Heckel excelled in the applied natural history of exotic floras. Partisan of the French colonial mission, his entrepreneurial and administrative skills found application in Marseille as the city embraced its colonial vocation. His career divides naturally into two periods; the first spent voyaging as a naval pharmacist; the second, dating from the 1870s, spent largely in Marseille.

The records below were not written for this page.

(* Every M-set in a Minkowski space is countable.
   Context: A Minkowski space is a finite-dimensional real normed space $(X,\|\cdot\|)$. For a set $S\subseteq X$, its midpoint set is $M(S)=\{\tfrac12(x+y): x,y\in S,\ x\neq y\}$. A set $S\subseteq X$ is an M-set if every vector in $M(S)$ has norm exactly $1$ and every vector in $S$ has norm strictly greater than $1$. *)

From Stdlib Require Import Reals.
From Stdlib Require Fin.
Open Scope R_scope.

Definition vec (n : nat) := Fin.t n -> R.

Definition vadd {n : nat} (x y : vec n) : vec n := fun i => x i + y i.
Definition vscale {n : nat} (a : R) (x : vec n) : vec n := fun i => a * x i.
Definition vzero (n : nat) : vec n := fun _ => 0.

(* A norm on R^n.  Every finite-dimensional real normed space is linearly
   isometric to (R^n, N) for such a norm N, n = its dimension. *)
Record is_norm {n : nat} (N : vec n -> R) : Prop := {
  norm_nonneg : forall x, 0 <= N x;
  norm_zero : forall x, N x = 0 -> x = vzero n;
  norm_scale : forall a x, N (vscale a x) = Rabs a * N x;
  norm_triangle : forall x y, N (vadd x y) <= N x + N y
}.

Definition midpoint_set {n : nat} (S : vec n -> Prop) : vec n -> Prop :=
  fun m => exists x y, S x /\ S y /\ x <> y /\ m = vscale (/ 2) (vadd x y).

Definition is_M_set {n : nat} (N : vec n -> R) (S : vec n -> Prop) : Prop :=
  (forall m, midpoint_set S m -> N m = 1) /\ (forall x, S x -> 1 < N x).

Definition countable_set {T : Type} (S : T -> Prop) : Prop :=
  exists f : T -> nat, forall x y, S x -> S y -> f x = f y -> x = y.

From Stdlib Require Import Reals Lra Lia List ZArith Cantor FunctionalExtensionality
  ClassicalEpsilon FinFun.
Import ListNotations.
Open Scope R_scope.

(* For distinct x, y in an M-set, x is the midpoint (x + y)/2, of norm 1, plus
   (x - y)/2, so N (x - y) >= 2 (N x - 1): the points of norm at least 1 + d are
   2d-separated.  Since every norm on R^n is bounded by a multiple of the sup
   norm, two such points cannot lie in the same cell of a fine enough grid.
   Coding a point by the index k of a layer it belongs to and by its cell in
   the grid of mesh 1/(k+1) is therefore injective on the M-set. *)

Fixpoint fin_enum (n : nat) : list (Fin.t n) :=
  match n with 0%nat => [] | S m => Fin.F1 :: map Fin.FS (fin_enum m) end.

Lemma fin_enum_complete n (i : Fin.t n) : In i (fin_enum n).
Proof.
  induction i as [m|m i IH]; simpl; [now left|right].
  now apply in_map.
Qed.

Lemma fin_enum_NoDup n : NoDup (fin_enum n).
Proof.
  induction n as [|n IH]; simpl; constructor.
  - intros H. apply in_map_iff in H. destruct H as [i [H _]]. discriminate.
  - apply Injective_map_NoDup; [|exact IH].
    intros i j. apply Fin.FS_inj.
Qed.

Lemma Cantor_to_nat_inj p q : Cantor.to_nat p = Cantor.to_nat q -> p = q.
Proof.
  intros H. now rewrite <- (Cantor.cancel_of_to p), <- (Cantor.cancel_of_to q), H.
Qed.

Definition nat_of_Z (z : Z) : nat := Cantor.to_nat (Z.to_nat z, Z.to_nat (- z)).

Lemma nat_of_Z_inj a b : nat_of_Z a = nat_of_Z b -> a = b.
Proof.
  unfold nat_of_Z; intros H. apply Cantor_to_nat_inj in H. injection H. lia.
Qed.

Fixpoint nat_of_list (l : list Z) : nat :=
  match l with
  | [] => 0%nat
  | a :: l => S (Cantor.to_nat (nat_of_Z a, nat_of_list l))
  end.

Lemma nat_of_list_inj l1 l2 : nat_of_list l1 = nat_of_list l2 -> l1 = l2.
Proof.
  revert l2; induction l1 as [|a l1 IH]; intros [|b l2] H;
    cbn [nat_of_list] in H; try discriminate; auto.
  apply Nat.succ_inj, Cantor_to_nat_inj in H. injection H as Hab Hl.
  f_equal; [now apply nat_of_Z_inj | now apply IH].
Qed.

Lemma up_eq_close (M a b : R) : 0 < M ->
  up (M * a) = up (M * b) -> Rabs (a - b) < / M.
Proof.
  intros HM Hup.
  destruct (archimed (M * a)) as [Ha1 Ha2], (archimed (M * b)) as [Hb1 Hb2].
  rewrite Hup in Ha1, Ha2.
  replace (a - b) with ((M * a - M * b) * / M) by (field; lra).
  rewrite Rabs_mult, (Rabs_right (/ M)) by (apply Rle_ge, Rlt_le, Rinv_0_lt_compat; lra).
  rewrite <- (Rmult_1_l (/ M)) at 2.
  apply Rmult_lt_compat_r; [now apply Rinv_0_lt_compat|].
  apply Rabs_def1; lra.
Qed.

Lemma countable_of_layered_separated (n : nat) (S : vec n -> Prop)
  (layer : vec n -> nat) :
  (forall x y, S x -> S y -> layer x = layer y ->
     (forall i, Rabs (x i - y i) < / (INR (layer x) + 1)) -> x = y) ->
  countable_set S.
Proof.
  intros Hsep.
  set (cell := fun x : vec n => map (fun i => up ((INR (layer x) + 1) * x i)) (fin_enum n)).
  exists (fun x => Cantor.to_nat (layer x, nat_of_list (cell x))).
  intros x y Sx Sy Hxy.
  apply Cantor_to_nat_inj in Hxy. injection Hxy as Hlayer Hcell.
  apply nat_of_list_inj in Hcell. unfold cell in Hcell.
  rewrite map_ext_in_iff in Hcell.
  apply Hsep; auto. intros i.
  apply up_eq_close; [pose proof (pos_INR (layer x)); lra|].
  rewrite Hcell at 1 by apply fin_enum_complete. now rewrite Hlayer.
Qed.

Section Norm.
Variables (n : nat) (N : vec n -> R).
Hypothesis HN : is_norm N.

Definition vsub (x y : vec n) : vec n := vadd x (vscale (-1) y).

Definition unit_vec (i : Fin.t n) : vec n :=
  fun j => if Fin.eq_dec i j then 1 else 0.

Definition coord_sum (l : list (Fin.t n)) (v : vec n) : vec n :=
  fold_right (fun i acc => vadd (vscale (v i) (unit_vec i)) acc) (vzero n) l.

Lemma coord_sum_apply l v j : NoDup l ->
  coord_sum l v j = if in_dec Fin.eq_dec j l then v j else 0.
Proof.
  induction l as [|a l IH]; intros Hl; simpl; [reflexivity|].
  inversion Hl as [|? ? Hal Hl']; subst.
  unfold vadd, vscale, unit_vec at 1. rewrite IH by assumption.
  destruct (Fin.eq_dec a j) as [->|Haj].
  - destruct (in_dec Fin.eq_dec j l); [contradiction|].
    destruct (in_dec Fin.eq_dec j (j :: l)) as [_|H]; [ring|now destruct H; left].
  - destruct (in_dec Fin.eq_dec j l) as [Hj|Hj], (in_dec Fin.eq_dec j (a :: l)) as [Hj'|Hj'].
    + ring.
    + now destruct Hj'; right.
    + now destruct Hj' as [->|].
    + ring.
Qed.

Lemma coord_sum_fin_enum v : coord_sum (fin_enum n) v = v.
Proof.
  apply functional_extensionality; intros j.
  rewrite coord_sum_apply by apply fin_enum_NoDup.
  destruct (in_dec Fin.eq_dec j (fin_enum n)) as [_|H]; [reflexivity|].
  now destruct H; apply fin_enum_complete.
Qed.

Lemma norm_vzero : N (vzero n) = 0.
Proof.
  replace (vzero n) with (vscale 0 (vzero n)).
  - rewrite (norm_scale _ HN), Rabs_R0; ring.
  - apply functional_extensionality; intros i; unfold vscale, vzero; ring.
Qed.

Definition basis_norm_sum : R :=
  fold_right (fun i s => N (unit_vec i) + s) 0 (fin_enum n).

Lemma norm_le_sup_coord v eps : (forall i, Rabs (v i) <= eps) ->
  N v <= eps * basis_norm_sum.
Proof.
  intros Hv. rewrite <- (coord_sum_fin_enum v). unfold basis_norm_sum.
  induction (fin_enum n) as [|a l IH]; simpl.
  - rewrite norm_vzero; lra.
  - eapply Rle_trans; [apply (norm_triangle _ HN)|].
    rewrite (norm_scale _ HN).
    assert (Rabs (v a) * N (unit_vec a) <= eps * N (unit_vec a)).
    { apply Rmult_le_compat_r; [apply (norm_nonneg _ HN)|apply Hv]. }
    lra.
Qed.

Lemma M_set_separated S : is_M_set N S -> forall x y, S x -> S y -> x <> y ->
  2 * (N x - 1) <= N (vsub x y).
Proof.
  intros [Hmid _] x y Sx Sy Hxy.
  assert (Hm : N (vscale (/ 2) (vadd x y)) = 1) by (apply Hmid; exists x, y; auto).
  assert (Hx : x = vadd (vscale (/ 2) (vadd x y)) (vscale (/ 2) (vsub x y))).
  { apply functional_extensionality; intros i; unfold vsub, vadd, vscale; field. }
  pose proof (norm_triangle _ HN (vscale (/ 2) (vadd x y)) (vscale (/ 2) (vsub x y))) as T.
  rewrite <- Hx, Hm, (norm_scale _ HN), Rabs_right in T by lra.
  lra.
Qed.

End Norm.

Lemma exists_layer (C d : R) : 0 < d -> exists k : nat, C < (INR k + 1) * d.
Proof.
  intros Hd. destruct (INR_unbounded (C / d)) as [k Hk].
  exists k. apply (Rmult_gt_compat_r d) in Hk; [|lra].
  unfold Rdiv in Hk. rewrite Rmult_assoc, Rinv_l in Hk by lra. nra.
Qed.

Theorem mainTheorem3 (n : nat) (N : vec n -> R) (HN : is_norm N)
  (S : vec n -> Prop) (HS : is_M_set N S) : countable_set S.
Proof.
  set (C := basis_norm_sum n N).
  set (layer := fun x => epsilon (inhabits 0%nat)
                  (fun k => C < (INR k + 1) * (2 * (N x - 1)))).
  assert (Hlayer : forall x, S x -> C < (INR (layer x) + 1) * (2 * (N x - 1))).
  { intros x Sx.
    apply (epsilon_spec (inhabits 0%nat) (fun k => C < (INR k + 1) * (2 * (N x - 1)))).
    apply exists_layer. destruct HS as [_ Hgt1]. specialize (Hgt1 x Sx). lra. }
  apply (countable_of_layered_separated n S layer).
  intros x y Sx Sy _ Hclose.
  destruct (classic (x = y)) as [|Hxy]; [assumption|exfalso].
  set (M := INR (layer x) + 1).
  assert (HM : 0 < M) by (pose proof (pos_INR (layer x)); unfold M; lra).
  assert (Hfar := M_set_separated n N HN S HS x y Sx Sy Hxy).
  assert (Hnear : N (vsub n x y) <= / M * C).
  { apply norm_le_sup_coord; auto. intros i. left.
    unfold vsub, vadd, vscale. replace (x i + -1 * y i) with (x i - y i) by ring.
    apply Hclose. }
  specialize (Hlayer x Sx). fold M in Hlayer.
  assert (M * (2 * (N x - 1)) <= C); [|lra].
  replace C with (M * (/ M * C)) by (field; lra).
  apply Rmult_le_compat_l; lra.
Qed.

Heckel’s father, Joseph Heckel, was a naval infantry captain. His mother, Elise Breillot Heckel, died shortly after his birth. Heckel, who was reared by a religious confraternity, entered Toulon’s naval medical school as a pharmacy student at age sixteen. Two years later, in 1861, he sailed to the Antilles. Heckel regarded this assignment, where he surveyed local flora for potential therapeutic agents, as formative to his scientific career. Promoted at age twenty-two to chief of naval pharmacy for New Caledonia, he found himself characterized by his superiors as an impoverished bachelor of considerable intelligence but his service was considered slow and delivered without enthusiasm. In contrast, Heckel was extremely diligent in preparing for examinations, gaining promotion to pharmacist of the first class with a thesis on the toxicology of mussels (1867) and winning a medical degree (1869) and doctorate in natural sciences (1875), all from Montpellier. A delegate to the Sydney Intercolonial Exposition of 1870, he botanized widely in Australia and undertook additional investigations in Java, Sumatra, Indochina, Ceylon (Sri Lanka), and elsewhere.

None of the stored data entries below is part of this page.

(* For any integers $n\ge2$ and $a$, $G(\alpha;n,na,n)\ne\emptyset$ if and only if $a\ge2$ and $\alpha>0$.
   Context: Work on $\mathbb P^1$ over an algebraically closed field. A coherent system of type $(n,d,k)$ is a pair $(E,V)$ with $E$ a vector bundle of rank $n$ and degree $d$ and $V\subset H^0(E)$ a subspace of dimension $k$. The $\alpha$-slope is $\mu_\alpha(E,V)=\frac dn+\alpha\frac kn$; a coherent subsystem $(F,W)$ has $F\subset E$ a subbundle and $W\subset V\cap H^0(F)$; $(E,V)$ is $\alpha$-stable if $\mu_\alpha(F,W)<\mu_\alpha(E,V)$ for all proper coherent subsystems. $G(\alpha;n,d,k)$ is the moduli space of $\alpha$-stable coherent systems of type $(n,d,k)$. *)

From HB Require Import structures.
From mathcomp Require Import all_boot all_order all_algebra.
From mathcomp Require Import mpoly.
From mathcomp Require Import reals.
Set Implicit Arguments. Unset Strict Implicit. Unset Printing Implicit Defensive.
Import Order.TTheory GRing.Theory Num.Theory.
Local Open Scope ring_scope.

(* Model of P^1 over an algebraically closed field K: homogeneous coordinates
   (X,Y); global sections of O(d) are homogeneous forms of degree d in
   K[X,Y] (only 0 when d < 0).  By Grothendieck's theorem every vector bundle
   of rank n on P^1 is O(a_1) + ... + O(a_n); we represent E by its splitting
   type a : 'I_n -> int, so deg E = \sum a_i and
   H^0(E) = { s : 'I_n -> K[X,Y] | s i homogeneous of degree a i }. *)

Definition hsec (K : fieldType) (d : int) (p : {mpoly K[2]}) : bool :=
  match d with Posz m => p \is m.-homog | Negz _ => p == 0 end.

Definition is_section (K : fieldType) (n : nat) (a : 'I_n -> int)
  (s : 'I_n -> {mpoly K[2]}) : Prop := forall i, hsec (a i) (s i).
(* Let $C$ be a hyperelliptic curve of genus $3$ over $\mathbb{C}$ given by $y^2=f(x)$ with $f$ a separable polynomial of degree $8$. Let $w\in\mathbb{C}$ with $f(w)\neq0$ and let $P_m^w$ ($m\in\{1,2\}$) be one of the two points of $C$ over $x=w$. Let $f_{w,4,m}(x)$ be the degree-$4$ Taylor polynomial at $x=w$ of the local branch of $y$ (as a function of $x$) through $P_m^w$. Then the $2$-gap sequence of $P_m^w$ is $\{1,2,3,4,5,n_6\}$ with $n_6=v_{P_m^w}(y-f_{w,4,m}(x))+1$. Consequently, if $n_6>6$, then $P_m^w$ is a $2$-Weierstrass point with $2$-weight $n_6-6$.
   Context: $v_P$ denotes the order of vanishing (valuation) at the point $P$. For a point $P$ on a smooth projective curve $C$ of genus $g$ and $q\ge1$, let $d_q=\dim H^0(C,(\Omega^1)^q)$ (holomorphic $q$-differentials; $d_q=(g-1)(2q-1)$ for $q\ge2$, so $d_2=6$ for $g=3$). Choose a basis $\psi_1,\dots,\psi_{d_q}$ with strictly increasing orders of vanishing at $P$ and set $n_i=\mathrm{ord}_P(\psi_i)+1$; $\{n_1,\dots,n_{d_q}\}$ is the $q$-gap sequence of $P$, $w^{(q)}(P)=\sum_i(n_i-i)$ is its $q$-weight, and $P$ is a $q$-Weierstrass point if $w^{(q)}(P)>0$. *)

(* Concrete, algebraic model of the hyperelliptic curve
   y^2 = f(x) (deg f = 8) over an algebraically closed field F of char 0
   (numClosedFieldType, e.g. algC or complex R), via local expansions
   (formal Laurent series) at every point of the smooth projective model. *)
From HB Require Import structures.
From mathcomp Require Import all_boot all_order all_algebra all_field.
Set Implicit Arguments. Unset Strict Implicit. Unset Printing Implicit Defensive.
Import Order.TTheory GRing.Theory Num.Theory.
Local Open Scope ring_scope.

Heckel’s scientific voyaging ended after service as a physician during the Franco-Prussian War (1870–1871). Taking medical leave from the navy in 1871, he soon married Marie Rosalie Raboisson of Nantes. Their son, Francis, born 31 August 1872, later obtained a medical degree (1897) and collaborated with Émile Roux of the Institut Pasteur. Bouts of anemia, intermittent fevers, and chronic bronchitis, complaints common to naval physicians, wracked the senior Heckel. Also troubled by sciatica, he resigned in 1874.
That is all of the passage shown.